Continuous time limits of the utterance selection model

In this paper we derive alternative continuous time limits of the utterance selection model (USM) for language change [G. J. Baxter et al., Phys. Rev. E 73, 046118 (2006)]. This is motivated by the fact that the Fokker-Planck continuous time limit derived in the original version of the USM is only valid for a small range of parameters. We investigate the consequences of relaxing these constraints on parameters. Using the normal approximation of the multinomial approximation, we derive a continuous time limit of the USM in the form of a weak-noise stochastic differential equation. We argue that this weak noise, not captured by the Kramers-Moyal expansion, cannot be neglected. We then propose a coarse-graining procedure, which takes the form of a stochastic version of the heterogeneous mean field approximation. This approximation groups the behavior of nodes of the same degree, reducing the complexity of the problem. With the help of this approximation, we study in detail two simple families of networks: the regular networks and the star-shaped networks. The analysis reveals and quantifies a finite-size effect of the dynamics. If we increase the size of the network by keeping all the other parameters constant, we transition from a state where conventions emerge to a state where no convention emerges. Furthermore, we show that the degree of a node acts as a time scale. For heterogeneous networks such as star-shaped networks, the time scale difference can become very large, leading to a noisier behavior of highly connected nodes.

Figure 1

Illustration of the two time scales of the problem. Here $t_{\mathrm{int}}$ represents the time of one interaction and $t_{\mathcal{G}}$ represents the time of one network update.

Figure 2

Illustration of the coarsening problem by a continuous time approximation. The discrete models are on the left. Agent-based models are on top; their evolution depends on $t_{\mathrm{int}}$ and on the bottom the population models evolve according to $t_{\mathcal{G}}$. For the USM, it is known how to obtain a continuous time limit at the agent level using the Kramers-Moyal expansion. The other arrows are not clear. In this paper we will take the diagonal approach.

Figure 3

Structure of the USM interaction. On the $\left(ij\right)$ edge, the agents use their internal beliefs ${\mathit{x}}^{\left(i\right)}$ to produce an utterance ${\mathit{u}}^{\left(i\right)}$ through the process $\mathcal{U}$, which depends on the matrix $M$. The utterances are then used to update the internal beliefs depending on a weighting parameter $h^{\left(ij\right)}$.

Figure 4

Comparison of models for the USM and continuous time limits. The red horizontal line represents the initial error $z\left(0\right)$. The dashed black line represents the solution of the deterministic limit. We display the average over 100 simulations and the corresponding variances.

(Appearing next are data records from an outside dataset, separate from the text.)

(* Let $\kappa$ be a maximal clique of the IDNC graph $\mathcal G$ chosen for transmission at time $t$, and let all quantities without a time index ($\varrho_k,\psi_k$) denote their values at time $t$. Then \[ \mathbb{E}\big[|\mathcal E_\rho^{(t+1)}|\big]=\mathbb{E}\big[|\mathcal E_\rho^{(t)}|\big]-\frac12\sum_{i\in\mathcal T_\rho(\kappa)} q_i\Big(\mathbb{E}\big[\Delta_i^{(t)}\big]+\gamma_i\Big)+\frac12\sum_{i\in\mathcal T(\kappa)}\psi_i\alpha_i+\frac12\sum_{i\notin\mathcal T(\kappa)}\psi_i\beta_i , \] where $\mathbb{E}[\Delta_i^{(t)}]=D_i(\boldsymbol\varrho,\boldsymbol\psi)$ is the expected primary degree of a vertex of receiver $i$ at time $t$ and \[ \alpha_i=\sum_{k\ne i} q_i\xi_k-\sum_{k\in\mathcal T_\rho(\kappa),k\ne i}\Phi_{ik}(q_i)+\sum_{k\in\mathcal T_\sigma(\kappa),k\ne i}\Lambda_{ik}(q_i),\qquad \beta_i=-\sum_{k\in\mathcal T_\rho(\kappa),k\ne i}\Phi_{ik}(0)+\sum_{k\in\mathcal T_\sigma(\kappa),k\ne i}\Lambda_{ik}(0), \] \[ \gamma_i=\sum_{k\ne i}\xi_k-\sum_{k\in\mathcal T_\rho(\kappa),k\ne i}\Phi_{ik}(1)+\sum_{k\in\mathcal T_\sigma(\kappa),k\ne i}\Lambda_{ik}(1), \] \[ \Phi_{ik}(x)=\frac{q_k}{N}\Big(1+\frac{(\varrho_k-\psi_k+1)(\varrho_i+x)}{N-1}\Big),\quad \Lambda_{ik}(x)=\frac{q_k\psi_k(\varrho_i+x)}{N(N-1)},\quad \xi_k=\frac{\psi_k\varrho_k}{N(N-1)}, \] with all sums over $k\ne i$ ranging over $k\in\{1,\dots,M\}$.
   Context: A sender holds a frame $\mathcal N$ of $N\ge2$ packets and serves receivers $\mathcal M=\{1,\dots,M\}$. For each receiver $i$ there are sets $\mathcal H_i\subseteq\mathcal N$ (Has set: packets received), $\mathcal L_i=\mathcal N\setminus\mathcal H_i$ (Lacks set) and $\mathcal W_i\subseteq\mathcal L_i$ (Wants set: requested packets not yet received), with cardinalities $\varrho_i=|\mathcal H_i|$, $\varphi_i=N-\varrho_i$, $\psi_i=|\mathcal W_i|$. Receiver $i$ has packet erasure probability $p_i$ and success probability $q_i=1-p_i\in[0,1]$. The IDNC graph $\mathcal G$ has a primary vertex $v_{ij}$ for each $i\in\mathcal M$, $j\in\mathcal W_i$, and a secondary vertex $v_{ij}$ for each $i\in\mathcal M$, $j\in\mathcal L_i\setminus\mathcal W_i$; two distinct vertices $v_{ij},v_{kl}$ are adjacent iff (C1) $j=l$, or (C2) $j\in\mathcal H_k$ and $l\in\mathcal H_i$. The primary graph $\mathcal G_\rho$ is the subgraph induced by the primary vertices, with edge set $\mathcal E_\rho$. For a maximal clique $\kappa$ of $\mathcal G$ (each receiver has at most one vertex in it), $\mathcal T_\rho(\kappa)$ (resp. $\mathcal T_\sigma(\kappa)$) is the set of receivers having a primary (resp. secondary) vertex in $\kappa$, and $\mathcal T(\kappa)=\mathcal T_\rho(\kappa)\cup\mathcal T_\sigma(\kappa)$. Transmission model: when $\kappa$ is transmitted at time $t$, each $k\in\mathcal T(\kappa)$ receives it with probability $q_k$, independently; let $X_k\in\{0,1\}$ be the reception indicator. At time $t+1$ the cardinalities become $\varrho_k'=\varrho_k+X_k$ for $k\in\mathcal T(\kappa)$, $\psi_k'=\psi_k-X_k$ for $k\in\mathcal T_\rho(\kappa)$, and are otherwise unchanged. Expected degrees and edge counts are computed ignoring set contents (sets treated as uniformly random given their cardinalities): for cardinality vectors $\boldsymbol\varrho,\boldsymbol\psi$ put $D_i(\boldsymbol\varrho,\boldsymbol\psi)=\sum_{k\ne i}\frac{\psi_k}{N}\big(1+\frac{\varrho_k\varrho_i}{N-1}\big)$ (the expected primary degree of a vertex of receiver $i$). Then $\mathbb E[\Delta_i^{(t)}]=D_i(\boldsymbol\varrho,\boldsymbol\psi)$, $\mathbb E[|\mathcal E_\rho^{(t)}|]=\frac12\sum_i\psi_iD_i(\boldsymbol\varrho,\boldsymbol\psi)$, and $\mathbb E[|\mathcal E_\rho^{(t+1)}|]=\mathbb E_{X}\big[\frac12\sum_i\psi_i'D_i(\boldsymbol\varrho',\boldsymbol\psi')\big]$, the outer expectation over the independent receptions. *)

From mathcomp Require Import all_boot all_order all_algebra.
Set Implicit Arguments. Unset Strict Implicit. Unset Printing Implicit Defensive.
Import Order.TTheory GRing.Theory Num.Theory.
Local Open Scope ring_scope.

Section IDNC.
Variables (N M : nat) (H W : 'I_M -> {set 'I_N}).

(* a vertex v = (i, j) : receiver i, packet j *)
Definition vtx := ('I_M * 'I_N)%type.
Definition primary (v : vtx) : bool := v.2 \in W v.1.
(* secondary vertex: j in L_i \ W_i *)
Definition secondary (v : vtx) : bool := (v.2 \notin H v.1) && (v.2 \notin W v.1).
Definition is_vertex (v : vtx) : bool := primary v || secondary v.
Definition adj (v w : vtx) : bool :=
  (v != w) && ((v.2 == w.2) || ((v.2 \in H w.1) && (w.2 \in H v.1))).

Definition is_clique (K : {set vtx}) : bool :=
  [forall v in K, is_vertex v] &&
  [forall v in K, forall w in K, (v != w) ==> adj v w].
Definition is_maximal_clique (K : {set vtx}) : bool :=
  is_clique K &&
  [forall v, (is_vertex v && (v \notin K)) ==> ~~ is_clique (v |: K)].

Definition Trho (K : {set vtx}) : {set 'I_M} :=
  [set i | [exists j, ((i, j) \in K) && primary (i, j)]].
Definition Tsigma (K : {set vtx}) : {set 'I_M} :=
  [set i | [exists j, ((i, j) \in K) && secondary (i, j)]].
Definition Tall (K : {set vtx}) : {set 'I_M} := Trho K :|: Tsigma K.
End IDNC.

Section Expect.
Variables (R : realFieldType) (N M : nat).
Implicit Types (rho psi : 'I_M -> R).

Definition Ddeg rho psi (i : 'I_M) : R :=
  \sum_(k < M | k != i) psi k / N%:R * (1 + rho k * rho i / (N%:R - 1)).
Definition Eedges rho psi : R := 2^-1 * \sum_(i < M) psi i * Ddeg rho psi i.

(* cardinalities after transmission, given the set S of receivers in T(kappa)
   that received the packet (X_k = 1 iff k \in S) *)
Definition rho_next rho (S : {set 'I_M}) (k : 'I_M) : R := rho k + (k \in S)%:R.
Definition psi_next psi (Tr S : {set 'I_M}) (k : 'I_M) : R :=
  psi k - ((k \in S) && (k \in Tr))%:R.

(* E_X[ (1/2) sum_i psi'_i D_i(rho', psi') ], receptions independent,
   receiver k in T receives with probability q_k *)
Definition Eedges_next (q : 'I_M -> R) rho psi (Tr Ts : {set 'I_M}) : R :=
  \sum_(S : {set 'I_M} | S \subset Tr :|: Ts)
     ((\prod_(k in S) q k) * (\prod_(k in (Tr :|: Ts) :\: S) (1 - q k))) *
     Eedges (rho_next rho S) (psi_next psi Tr S).

Definition Phi (q : 'I_M -> R) rho psi (i k : 'I_M) (x : R) : R :=
  q k / N%:R * (1 + (rho k - psi k + 1) * (rho i + x) / (N%:R - 1)).
Definition Lambda (q : 'I_M -> R) rho psi (i k : 'I_M) (x : R) : R :=
  q k * psi k * (rho i + x) / (N%:R * (N%:R - 1)).
Definition xi rho psi (k : 'I_M) : R := psi k * rho k / (N%:R * (N%:R - 1)).

Definition alpha q rho psi (Tr Ts : {set 'I_M}) (i : 'I_M) : R :=
  \sum_(k < M | k != i) q i * xi rho psi k
  - \sum_(k in Tr | k != i) Phi q rho psi i k (q i)
  + \sum_(k in Ts | k != i) Lambda q rho psi i k (q i).
Definition beta q rho psi (Tr Ts : {set 'I_M}) (i : 'I_M) : R :=
  - \sum_(k in Tr | k != i) Phi q rho psi i k 0
  + \sum_(k in Ts | k != i) Lambda q rho psi i k 0.
Definition gamma q rho psi (Tr Ts : {set 'I_M}) (i : 'I_M) : R :=
  \sum_(k < M | k != i) xi rho psi k
  - \sum_(k in Tr | k != i) Phi q rho psi i k 1
  + \sum_(k in Ts | k != i) Lambda q rho psi i k 1.
End Expect.

From mathcomp Require Import all_boot all_order all_algebra ring.
Set Implicit Arguments. Unset Strict Implicit. Unset Printing Implicit Defensive.
Import Order.TTheory GRing.Theory Num.Theory.
Local Open Scope ring_scope.

(* Receptions are independent Bernoulli variables, so a set S of receivers in
   T(kappa) receives with probability prod_S q * prod_(T\S) (1 - q).  After
   transmission the edge count is a sum over ordered pairs (i, k), i != k, of a
   term that depends only on the two indicators X_i, X_k; its expectation is
   obtained from the moments E[prod_(j in P) X_j] = prod_(j in P) q_j [j in T].
   Matching this pair by pair with the right-hand side is a polynomial identity
   once the memberships of i and k in T_rho and T_sigma are fixed.  These two
   sets are disjoint: a primary and a secondary vertex of the same receiver
   cannot be adjacent, the secondary packet being neither wanted nor held. *)

Section ReceptionProbability.
Variables (R : comPzRingType) (I : finType).
Implicit Types (q u v : I -> R) (T S P : {set I}).

Definition reception_prob q T S : R :=
  (\prod_(k in S) q k) * (\prod_(k in T :\: S) (1 - q k)).

Lemma sum_subsets_prodD T u v :
  \sum_(S : {set I} | S \subset T) (\prod_(k in S) u k) * (\prod_(k in T :\: S) v k)
  = \prod_(k in T) (u k + v k).
Proof.
pose F k := if k \in T then u k else 0.
pose G k := if k \in T then v k else 1.
have -> : \prod_(k in T) (u k + v k) = \prod_k (F k + G k).
  by rewrite big_mkcond; apply: eq_bigr => k _; rewrite /F /G; case: (k \in T); rewrite ?add0r.
rewrite bigA_distr [RHS]big_mkcond [LHS]big_mkcond /=; apply: eq_bigr => S _.
case: ifPn => [ST | /subsetPn[k kS kT]]; last first.
  by rewrite (bigD1 k) //= /F kS (negbTE kT) mul0r.
rewrite [\prod_(k in S) _]big_mkcond [\prod_(k in T :\: S) _]big_mkcond -big_split /=.
apply: eq_bigr => k _; rewrite /F /G in_setD.
case kS: (k \in S); case kT: (k \in T); rewrite /= ?mulr1 ?mul1r //.
by rewrite (subsetP ST k kS) in kT.
Qed.

Lemma sum_reception_prob_subset q T P :
  \sum_(S : {set I} | S \subset T) reception_prob q T S * (P \subset S)%:R
  = \prod_(j in P) (q j * (j \in T)%:R).
Proof.
have [PT | /subsetPn[k kP kT]] := boolP (P \subset T); last first.
  rewrite [RHS](bigD1 k) //= (negbTE kT) mulr0 mul0r big1 // => S ST.
  have [PS|] := boolP (P \subset S); last by rewrite mulr0.
  by rewrite (subsetP (subset_trans PS ST)) in kT.
(* Conditioning on P \subset S turns each factor k \in P into q k,
   the others into q k + (1 - q k). *)
transitivity (\prod_(k in T) (q k + (1 - q k) * (k \notin P)%:R)).
  rewrite -sum_subsets_prodD; apply: eq_bigr => S ST; rewrite /reception_prob.
  have [PS | /subsetPn[k kP kS]] := boolP (P \subset S).
    rewrite mulr1; congr (_ * _); apply: eq_bigr => k; rewrite in_setD => /andP[kS _].
    by rewrite (contra (subsetP PS k) kS) mulr1.
  rewrite mulr0 [X in _ * X](bigD1 k) /=; last by rewrite in_setD kS (subsetP PT).
  by rewrite kP mulr0 mul0r mulr0.
rewrite (big_setID P) /= (setIidPr PT) [X in _ * X]big1 ?mulr1 => [|k].
  by apply: eq_bigr => k kP; rewrite kP (subsetP PT k kP) /=; ring.
by rewrite in_setD => /andP[/negbTE -> _]; rewrite mulr1; ring.
Qed.

Lemma expect_reception_pair q T (f : bool -> bool -> R) (i k : I) : i != k ->
  \sum_(S : {set I} | S \subset T) reception_prob q T S * f (i \in S) (k \in S) =
    f false false * (1 - q i * (i \in T)%:R) * (1 - q k * (k \in T)%:R)
  + f true false * (q i * (i \in T)%:R) * (1 - q k * (k \in T)%:R)
  + f false true * (1 - q i * (i \in T)%:R) * (q k * (k \in T)%:R)
  + f true true * (q i * (i \in T)%:R) * (q k * (k \in T)%:R).
Proof.
move=> ik.
set f00 := f false false; set f10 := f true false; set f01 := f false true.
set f11 := f true true.
(* Inclusion-exclusion: f (i \in S) (k \in S) is a combination of the
   indicators of [set i], [set k] and [set i; k] being \subset S. *)
rewrite (eq_bigr (fun S => f00 * (reception_prob q T S * (set0 \subset S)%:R)
   + (f10 - f00) * (reception_prob q T S * ([set i] \subset S)%:R)
   + (f01 - f00) * (reception_prob q T S * ([set k] \subset S)%:R)
   + (f11 - f10 - f01 + f00) * (reception_prob q T S * ([set i; k] \subset S)%:R))).
  rewrite !big_split /= -!big_distrr /= !sum_reception_prob_subset.
  by rewrite big_set0 !big_set1 big_setU1 ?inE //= big_set1; ring.
move=> S _; rewrite sub0set subUset !sub1set /f00 /f10 /f01 /f11.
by case: (i \in S); case: (k \in S); rewrite /=; ring.
Qed.

End ReceptionProbability.

Lemma Trho_Tsigma_disjoint (N M : nat) (H W : 'I_M -> {set 'I_N}) (K : {set 'I_M * 'I_N}) :
  is_clique H W K -> [disjoint Trho W K & Tsigma H W K].
Proof.
case/andP=> _ /forallP cliqueK; rewrite disjoints_subset; apply/subsetP => i.
rewrite !inE => /existsP[j /andP[jK jW]]; apply/existsP => -[j' /andP[j'K /andP[j'H j'W]]].
have jj' : (i, j) != (i, j') by apply: contraNneq j'W => -[<-].
have /implyP/(_ jK)/forallP/(_ (i, j'))/implyP/(_ j'K)/implyP/(_ jj') := cliqueK (i, j).
rewrite /adj jj' /= => /orP[/eqP jEj' | /andP[_ j'Hi]].
- by move: jj'; rewrite jEj' eqxx.
- by rewrite j'Hi in j'H.
Qed.

Definition edge_pair_next (R : realFieldType) (N M : nat) (rho psi : 'I_M -> R)
    (Tr : {set 'I_M}) (i k : 'I_M) (x y : bool) : R :=
  2^-1 * ((psi i - (x && (i \in Tr))%:R) *
   ((psi k - (y && (k \in Tr))%:R) / N%:R * (1 + (rho k + y%:R) * (rho i + x%:R) / (N%:R - 1)))).

Lemma Eedges_next_pairwise (R : realFieldType) (N M : nat) (q rho psi : 'I_M -> R)
    (Tr Ts : {set 'I_M}) :
  Eedges_next N q rho psi Tr Ts =
  \sum_i \sum_(k | k != i) \sum_(S : {set 'I_M} | S \subset Tr :|: Ts)
    reception_prob q (Tr :|: Ts) S * edge_pair_next N rho psi Tr i k (i \in S) (k \in S).
Proof.
under [RHS]eq_bigr do rewrite exchange_big /=.
rewrite /Eedges_next [RHS]exchange_big /=; apply: eq_bigr => S _.
rewrite /Eedges /Ddeg mulrA big_distrr /=; apply: eq_bigr => i _.
rewrite mulrA big_distrr /=; apply: eq_bigr => k _.
rewrite /edge_pair_next /rho_next /psi_next /reception_prob; ring.
Qed.

Lemma sumr_indicator (R : pzSemiRingType) (I : finType) (P : pred I) (F : I -> R) :
  \sum_(i | P i) F i = \sum_i (P i)%:R * F i.
Proof. by rewrite big_mkcond; apply: eq_bigr => i _; case: (P i); rewrite (mul1r, mul0r). Qed.

Lemma Eedges_next_decomposition (R : realFieldType) (N M : nat) (q rho psi : 'I_M -> R)
    (Tr Ts : {set 'I_M}) : [disjoint Tr & Ts] ->
  Eedges_next N q rho psi Tr Ts =
    Eedges N rho psi
    - 2^-1 * \sum_(i in Tr) q i * (Ddeg N rho psi i + gamma N q rho psi Tr Ts i)
    + 2^-1 * \sum_(i in Tr :|: Ts) psi i * alpha N q rho psi Tr Ts i
    + 2^-1 * \sum_(i | i \notin Tr :|: Ts) psi i * beta N q rho psi Tr Ts i.
Proof.
move=> TrTs; have TrTsF x : (x \in Tr) && (x \in Ts) = false.
  by apply/negbTE/negP => /andP[/(disjointFr TrTs) ->].
rewrite Eedges_next_pairwise /Eedges /Ddeg /gamma /alpha /beta.
rewrite [\sum_(i in Tr) _]sumr_indicator [\sum_(i in Tr :|: Ts) _]sumr_indicator.
rewrite [\sum_(i | _ \notin _) _]sumr_indicator !big_distrr -!sumrN -!big_split /=.
apply: eq_bigr => i _; rewrite !big_mkcondl.
do 2! rewrite ?big_distrr -?sumrN -?big_split /=.
apply: eq_bigr => k ki; rewrite expect_reception_pair 1?eq_sym //.
rewrite /edge_pair_next /xi /Phi /Lambda !in_setU !invfM.
move: (TrTsF i) (TrTsF k).
by case: (i \in Tr); case: (i \in Ts); case: (k \in Tr); case: (k \in Ts) => //= _ _; ring.
Qed.

Theorem theorem1 (R : realFieldType) (N M : nat) (HN : (2 <= N)%N)
  (H W : 'I_M -> {set 'I_N}) (HW : forall i, W i \subset ~: H i)
  (q : 'I_M -> R) (Hq : forall i, 0 <= q i <= 1)
  (kappa : {set 'I_M * 'I_N}) (Hk : is_maximal_clique H W kappa) :
  let rho := fun i => (#|H i|%:R : R) in
  let psi := fun i => (#|W i|%:R : R) in
  let Tr := Trho W kappa in
  let Ts := Tsigma H W kappa in
  Eedges_next N q rho psi Tr Ts =
    Eedges N rho psi
    - 2^-1 * \sum_(i in Tr) q i * (Ddeg N rho psi i + gamma N q rho psi Tr Ts i)
    + 2^-1 * \sum_(i in Tr :|: Ts) psi i * alpha N q rho psi Tr Ts i
    + 2^-1 * \sum_(i | i \notin Tr :|: Ts) psi i * beta N q rho psi Tr Ts i.
Proof.
(* The identity is formal in q, rho and psi (even the division by N - 1 is
   harmless). *)
move=> rho psi Tr Ts; apply: Eedges_next_decomposition.
by case/andP: Hk => /Trho_Tsigma_disjoint.
Qed.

The continuous time limits have to be compared with the discrete USM displayed in red stars. The first panel shows the averaged $z$ at time $T=1$, the second panel the averaged $z$ at time $T=100$, the third panel the variance of $z$ at time $T=1$, and the fourth panel the variance of $z$ at time $T=100$.

Figure 5

Illustration of the network reduction for regular networks (left) and star-shaped networks (right). In each panel the left part is the original network and the right part is the reduced network.

Figure 6

Illustration of the critical parameter $q_{*}\left(r\right)$ separating the bell-shaped and the $\mathsf{U}$-shaped domain. The red curve is the approximate behavior. For illustration, we display the positions of the two examples considered in this section (regular network of degree 3 for $N=10$ and 100 agents).

Figure 7

Comparison between the discrete USM (left column) and the SHMF approximation limit of it (right column). For these simulations, the parameters are $h=0.5, \lambda =0.1, V=2, L=2, T={10}^4$, and $q=0.001$ and the number of agents is 10 in the top row and 100 in the bottom row. The regular graph is of degree $k=3$. At the beginning of the simulation, all agents share the convention to use the variant $v=1$.

Figure 8

Comparison between the stationary distribution of the discrete USM on a regular network with the distribution predicted by the SHMF approximation. Shown on the left is the stationary distribution for 10 agents. On the right is the stationary distribution for 100 agents.

Figure 9

Comparison of time series of the discrete USM and of the SHMF approximation limit of it for the star-shaped network. For these simulations, the parameters are $\lambda =0.1, V=2, L=2, T={10}^4$, and $q=0.001$. The top part of each graph displays the behavior of the degree $k=1$ nodes and the bottom part of each graph displays the behavior of the central node. The value of $N$ is (a)–(d) 10 and (e)–(h) 100. The first and third columns display the results of the USM and the second and fourth columns display the results of the SHMF approximation. In the first two columns $h=0.9$ and in the last two columns $h=0.1$. At the beginning of the simulation, all agents share the convention to use the variant $v=1$.

Figure 10

Comparison between the discrete USM and its SHMF approximation limit for the star-shaped network. For these simulations, the parameters are $\lambda =0.1, V=2, L=2, T=4\times {10}^3$, and $q=0.001$. The top part of each graph displays the distribution of the degree $k=1$ nodes and the bottom part of each graph displays the distribution of the central node. In the top row the value of $N$ is 10 and in the second row the value of $N$ is 100. The first and third columns display the results of the USM and the second and fourth columns display the results of the SHMF approximation. In the first two columns $h=0.9$ and in the last two columns $h=0.1$. The red line is the solution of the mean field approximation. It helps to see how the star-shaped network differs from the regular network case. The first two columns and the last two columns have to be compared.